> **Problem**:
I need the lines below from the one with "shows that at" down to the one with "Lemma measurable_below a" reproduced exactly, both ends included, and nothing else.

Stored data

<<<<

(* Let $\Lambda$ be a (non-degenerate) real interval. A PAF $\psi:\mathcal P^N\to\mathcal P$ is Level-SP, unanimous and strong plausibility preserving if and only if it is dictatorial, i.e. there is $i\in N$ with $\psi(\mathbf p)=p_i$ for all $\mathbf p$.
   Context: Let $N=\{1,\dots,n\}$, $\mathcal P$ the Borel probability measures on $\Lambda$, $\mathcal C$ the CDFs on $\Lambda$, $\pi(p)(a)=p(\{x\in\Lambda:x\le a\})$. A PAF is a map $\psi:\mathcal P^N\to\mathcal P$ with associated CAF $\Psi$ given by $\Psi(\pi(p_1),\dots,\pi(p_n))=\pi(\psi(p_1,\dots,p_n))$; $P_i=\pi(p_i)$. $\mathbf z_{-i}(z_i')$ is $\mathbf z$ with $i$-th coordinate replaced by $z_i'$. $\psi$ is Level-SP if for every $i$, $\mathbf P$, $P_i'$, $a$: $P_i(a)<\Psi(\mathbf P)(a)\Rightarrow\Psi(\mathbf P)(a)\le\Psi(\mathbf P_{-i}(P_i'))(a)$ and $P_i(a)>\Psi(\mathbf P)(a)\Rightarrow\Psi(\mathbf P)(a)\ge\Psi(\mathbf P_{-i}(P_i'))(a)$. $\psi$ is unanimous if $\psi(p,\dots,p)=p$. $\psi$ is strong plausibility preserving if for every profile $\mathbf p$ and every Borel set $A\subseteq\Lambda$: if $p_i(A)>0$ for all $i\in N$ then $\psi(\mathbf p)(A)>0$. *)

From mathcomp Require Import all_boot all_order all_algebra.
From mathcomp Require Import all_classical all_reals.
From mathcomp Require Import ereal topology normedtype sequences measure lebesgue_measure probability.
Set Implicit Arguments. Unset Strict Implicit. Unset Printing Implicit Defensive.
Import Order.TTheory GRing.Theory Num.Theory.
Local Open Scope classical_set_scope.
Local Open Scope ring_scope.

(* Borel probability measures on the interval Lambda, represented as Borel
   probability measures on R that give full mass to Lambda. *)
Definition ProbOn (R : realType) (L : interval R) : Type :=
  {P : probability R R | P (~` [set` L]) = 0%E}.

Definition pm (R : realType) (L : interval R) (p : ProbOn L) : probability R R :=
  proj1_sig p.

Definition cdf (R : realType) (L : interval R) (p : ProbOn L) (a : R) : \bar R :=
  pm p [set x | x \in L /\ x <= a].

Definition meq (R : realType) (L : interval R) (p q : ProbOn L) : Prop :=
  forall A : set R, measurable A -> A `<=` [set` L] -> pm p A = pm q A.

Definition profile (R : realType) (L : interval R) (n : nat) := 'I_n -> ProbOn L.

Definition PAF (R : realType) (L : interval R) (n : nat) :=
  profile L n -> ProbOn L.

Definition upd (R : realType) (L : interval R) (n : nat)
  (p : profile L n) (i : 'I_n) (q : ProbOn L) : profile L n :=
  fun j => if j == i then q else p j.

Definition level_SP (R : realType) (L : interval R) (n : nat) (psi : PAF L n) : Prop :=
  forall (i : 'I_n) (p : profile L n) (q : ProbOn L) (a : R), a \in L ->
    ((cdf (p i) a < cdf (psi p) a)%E -> (cdf (psi p) a <= cdf (psi (upd p i q)) a)%E) /\
    ((cdf (p i) a > cdf (psi p) a)%E -> (cdf (psi p) a >= cdf (psi (upd p i q)) a)%E).

Definition unanimous (R : realType) (L : interval R) (n : nat) (psi : PAF L n) : Prop :=
  forall q : ProbOn L, meq (psi (fun _ => q)) q.

Definition strong_plausibility_preserving (R : realType) (L : interval R) (n : nat)
  (psi : PAF L n) : Prop :=
  forall (p : profile L n) (A : set R), measurable A -> A `<=` [set` L] ->
    (forall i, (0 < pm (p i) A)%E) -> (0 < pm (psi p) A)%E.

Definition dictatorial (R : realType) (L : interval R) (n : nat) (psi : PAF L n) : Prop :=
  exists i : 'I_n, forall p : profile L n, meq (psi p) (p i).

(* Call a coalition [S] decisive at [x] if every profile in which exactly the voters of
   [S] put all their mass on [(-oo, x]] is aggregated to CDF value [1] at [x].  Level-SP
   makes [psi p] at [x] depend only, and monotonically, on the values [p j] at [x], and
   lets voters be replaced one at a time; with unanimity, the voters of a decisive
   coalition bound [psi p] from below and those outside a powerless one bound it from
   above.  Strong plausibility preservation forbids [psi p] to be flat on two disjoint
   intervals when every voter rises on one of them.  Testing this on staircase profiles
   shows that at each inner point of [L] exactly one of [S] and its complement is
   decisive, that this does not depend on the point, and that decisive coalitions are
   closed under intersection.  So some singleton [{d}] is decisive: [psi p] and [p d]
   have the same CDF on the interior of [L], hence by right continuity on all of [L],
   and CDFs determine Borel probability measures. *)

From Pilot Require Import Defs.
From mathcomp Require Import all_boot all_order all_algebra.
From mathcomp Require Import all_classical all_reals.
From mathcomp Require Import ereal topology normedtype sequences measure lebesgue_measure probability.
From mathcomp Require Import ring lra.
(* [probability] also exports a [cdf]; re-importing [Defs] makes [cdf] refer to [Defs.cdf]. *)
Import Defs.
Import Order.TTheory GRing.Theory Num.Theory.
Local Open Scope classical_set_scope.
Local Open Scope ring_scope.
Set Implicit Arguments. Unset Strict Implicit. Unset Printing Implicit Defensive.

Section Cdf.
Context (R : realType) (L : interval R).

Lemma itv_between x y z : x \in L -> z \in L -> x <= y -> y <= z -> y \in L.
Proof. by move=> xL zL xy yz; apply: (interval_is_interval xL zL); rewrite xy yz. Qed.

Definition below (a : R) : set R := [set x | x \in L /\ x <= a].

Lemma belowE a : below a = [set` L] `&` [set` `]-oo, a]].
Proof.
apply/seteqP; split => x /=; first by move=> [xL xa]; split => //; rewrite in_itv /= xa.
by move=> [xL]; rewrite in_itv /=.
Qed.

Lemma measurable_below a : measurable (below a).
Proof. by rewrite belowE; apply: measurableI; exact: measurable_itv. Qed.

Lemma below_sub a : below a `<=` [set` L].
Proof. by move=> x []. Qed.

Lemma cdf_meq (p q : ProbOn L) a : meq p q -> cdf p a = cdf q a.
Proof. by move=> pq; exact: pq (measurable_below a) (@below_sub a). Qed.

Lemma cdf_ge0 (p : ProbOn L) a : (0 <= cdf p a)%E.
Proof. exact: measure_ge0. Qed.

Lemma cdf_le1 (p : ProbOn L) a : (cdf p a <= 1)%E.
Proof. exact: probability_le1 (measurable_below a). Qed.

Lemma cdf_fin_num (p : ProbOn L) a : cdf p a \is a fin_num.
Proof. by rewrite ge0_fin_numE ?cdf_ge0 // (le_lt_trans (cdf_le1 p a)) // ltey. Qed.

Lemma le_cdf (p : ProbOn L) a b : a <= b -> (cdf p a <= cdf p b)%E.
Proof.
move=> ab; apply: le_measure; rewrite ?inE; try exact: measurable_below.
by move=> x [xL xa]; split => //; exact: le_trans ab.
Qed.

Lemma pm_itv (p : ProbOn L) : pm p [set` L] = 1%E.
Proof.
have mL := measurable_itv L.
have finL : pm p [set` L] \is a fin_num.
  by rewrite ge0_fin_numE ?measure_ge0 // (le_lt_trans (probability_le1 _ mL)) ?ltey.
move: (probability_setC (pm p) mL); rewrite (proj2_sig p) -(fineK finL) -EFinB.
by move=> /eqP; rewrite eq_sym eqe subr_eq0 => /eqP <-.
Qed.

Lemma cdf_ubL (p : ProbOn L) a : (forall z, z \in L -> z <= a) -> cdf p a = 1%E.
Proof.
move=> ubL; rewrite -(pm_itv p); congr (pm p _).
by apply/seteqP; split => x /=; [case | split => //; exact: ubL].
Qed.

Lemma pm_itv_oc (p : ProbOn L) t u : t \in L -> u \in L -> t <= u ->
  pm p [set` `]t, u]] = (cdf p u - cdf p t)%E.
Proof.
move=> tL uL tu.
have -> : [set` `]t, u]] = below u `\` below t.
  apply/seteqP; split => x /=; rewrite in_itv /=.
    move=> /andP[tx xu]; split; first by split => //; exact: itv_between tL uL (ltW tx) xu.
    by move=> [_ xt]; move: tx; rewrite ltNge xt.
  by move=> [[xL xu] xt]; rewrite xu andbT ltNge; apply/negP => ?; apply: xt.
rewrite measureD; try exact: measurable_below.
  congr (_ - pm p _)%E; apply/seteqP; split => x /=; first by case.
  by move=> [xL xt]; split => //; split => //; exact: le_trans tu.
by rewrite (le_lt_trans (cdf_le1 p u)) // ltey.
Qed.

End Cdf.

Section Discrete.
Context (R : realType) (L : interval R) (dflt : ProbOn L).

Definition is_discrete (ws zs : seq R) : Prop :=
  (forall i, (i < size ws)%N -> 0 <= nth 0 ws i /\ nth 0 zs i \in L) /\
  \sum_(i < size ws) nth 0 ws i = 1.

Let max0_ge0 (x : R) : 0 <= Num.max x 0.
Proof. by rewrite le_max lexx orbT. Qed.

Let nonneg_part (x : R) : {nonneg R} := NngNum (max0_ge0 x).

(* The weights are clipped at [0] so that [discrete_measure] is a measure for all [ws]. *)
Definition discrete_measure (ws zs : seq R) :=
  msum (fun i => mscale (nonneg_part (nth 0 ws i)) \d_(nth 0 zs i)) (size ws).

Lemma discrete_measureE ws zs U : is_discrete ws zs ->
  discrete_measure ws zs U = (\sum_(i < size ws) nth 0 ws i * (nth 0 zs i \in U)%:R)%:E.
Proof.
move=> [ws_ok _]; rewrite /discrete_measure /msum /mscale /= sumEFin; congr (_%:E).
apply: eq_bigr => i _; congr (_ * _) => /=.
by apply/max_idPl; case: (ws_ok i (ltn_ord i)).
Qed.

Lemma discrete_measure_setT ws zs : is_discrete ws zs -> discrete_measure ws zs setT = 1%E.
Proof.
move=> ok; rewrite discrete_measureE //; congr (_%:E); rewrite -[RHS](proj2 ok).
by apply: eq_bigr => i _; rewrite mem_set // mulr1.
Qed.

Lemma discrete_measure_notL ws zs : is_discrete ws zs ->
  discrete_measure ws zs (~` [set` L]) = 0%E.
Proof.
move=> ok; rewrite discrete_measureE //; congr (_%:E); rewrite big1 // => i _.
have ziL := proj2 (proj1 ok i (ltn_ord i)).
by rewrite memNset ?mulr0 //= => /(_ ziL).
Qed.

Let mnormalize1E (mu : {measure set R -> \bar R}) (P : probability R R) U :
  mu setT = 1%E -> mnormalize mu P U = mu U.
Proof. by move=> mu1; rewrite /mnormalize mu1 onee_eq0 /= invr1 mule1. Qed.

Definition discrete_prob ws zs : probability R R :=
  mnormalize (discrete_measure ws zs) \d_(0 : R).

Lemma discrete_probE ws zs U : is_discrete ws zs ->
  discrete_prob ws zs U = discrete_measure ws zs U.
Proof.
move=> /discrete_measure_setT mu1.
by rewrite /discrete_prob; apply: mnormalize1E.
Qed.

Lemma discrete_prob_notL ws zs : is_discrete ws zs -> discrete_prob ws zs (~` [set` L]) = 0%E.
Proof. by move=> ok; rewrite discrete_probE // discrete_measure_notL. Qed.

(* [dflt] is only a junk value, returned when the weights are not a distribution on [L]. *)
Definition discrete ws zs : ProbOn L :=
  match pselect (is_discrete ws zs) with
  | left ok => exist _ (discrete_prob ws zs) (discrete_prob_notL ok)
  | right _ => dflt
  end.

Lemma cdf_discrete ws zs y : is_discrete ws zs ->
  cdf (discrete ws zs) y = (\sum_(i < size ws) nth 0 ws i * (nth 0 zs i <= y)%R%:R)%:E.
Proof.
move=> ok; rewrite /cdf /discrete; case: pselect => // ok' /=.
rewrite discrete_probE // discrete_measureE //; congr (_%:E); apply: eq_bigr => i _.
have ziL := proj2 (proj1 ok i (ltn_ord i)).
by have [ziy|ziy] := boolP (nth 0 zs i <= y);
  [rewrite mem_set | rewrite memNset //= => -[_]; exact/negP].
Qed.

Definition dirac_on z : ProbOn L := discrete [:: 1] [:: z].

Lemma cdf_dirac_on z y : z \in L -> cdf (dirac_on z) y = (z <= y)%R%:R%:E.
Proof.
move=> zL; rewrite cdf_discrete ?big_ord1 /= ?mul1r //.
by split; [case => //= _ | rewrite big_ord1].
Qed.

Definition staircase (c0 c1 c2 c3 z0 z1 z2 z3 z4 : R) : ProbOn L :=
  discrete [:: c0; c1 - c0; c2 - c1; c3 - c2; 1 - c3] [:: z0; z1; z2; z3; z4].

>>>>

> **Result below**:
   shows that at each inner point of [L] exactly one of [S] and its complement is
   decisive, that this does not depend on the point, and that decisive coalitions are
   closed under intersection.  So some singleton [{d}] is decisive: [psi p] and [p d]
   have the same CDF on the interior of [L], hence by right continuity on all of [L],
   and CDFs determine Borel probability measures. *)

From Pilot Require Import Defs.
From mathcomp Require Import all_boot all_order all_algebra.
From mathcomp Require Import all_classical all_reals.
From mathcomp Require Import ereal topology normedtype sequences measure lebesgue_measure probability.
From mathcomp Require Import ring lra.
(* [probability] also exports a [cdf]; re-importing [Defs] makes [cdf] refer to [Defs.cdf]. *)
Import Defs.
Import Order.TTheory GRing.Theory Num.Theory.
Local Open Scope classical_set_scope.
Local Open Scope ring_scope.
Set Implicit Arguments. Unset Strict Implicit. Unset Printing Implicit Defensive.

Section Cdf.
Context (R : realType) (L : interval R).

Lemma itv_between x y z : x \in L -> z \in L -> x <= y -> y <= z -> y \in L.
Proof. by move=> xL zL xy yz; apply: (interval_is_interval xL zL); rewrite xy yz. Qed.

Definition below (a : R) : set R := [set x | x \in L /\ x <= a].

Lemma belowE a : below a = [set` L] `&` [set` `]-oo, a]].
Proof.
apply/seteqP; split => x /=; first by move=> [xL xa]; split => //; rewrite in_itv /= xa.
by move=> [xL]; rewrite in_itv /=.
Qed.

Lemma measurable_below a : measurable (below a).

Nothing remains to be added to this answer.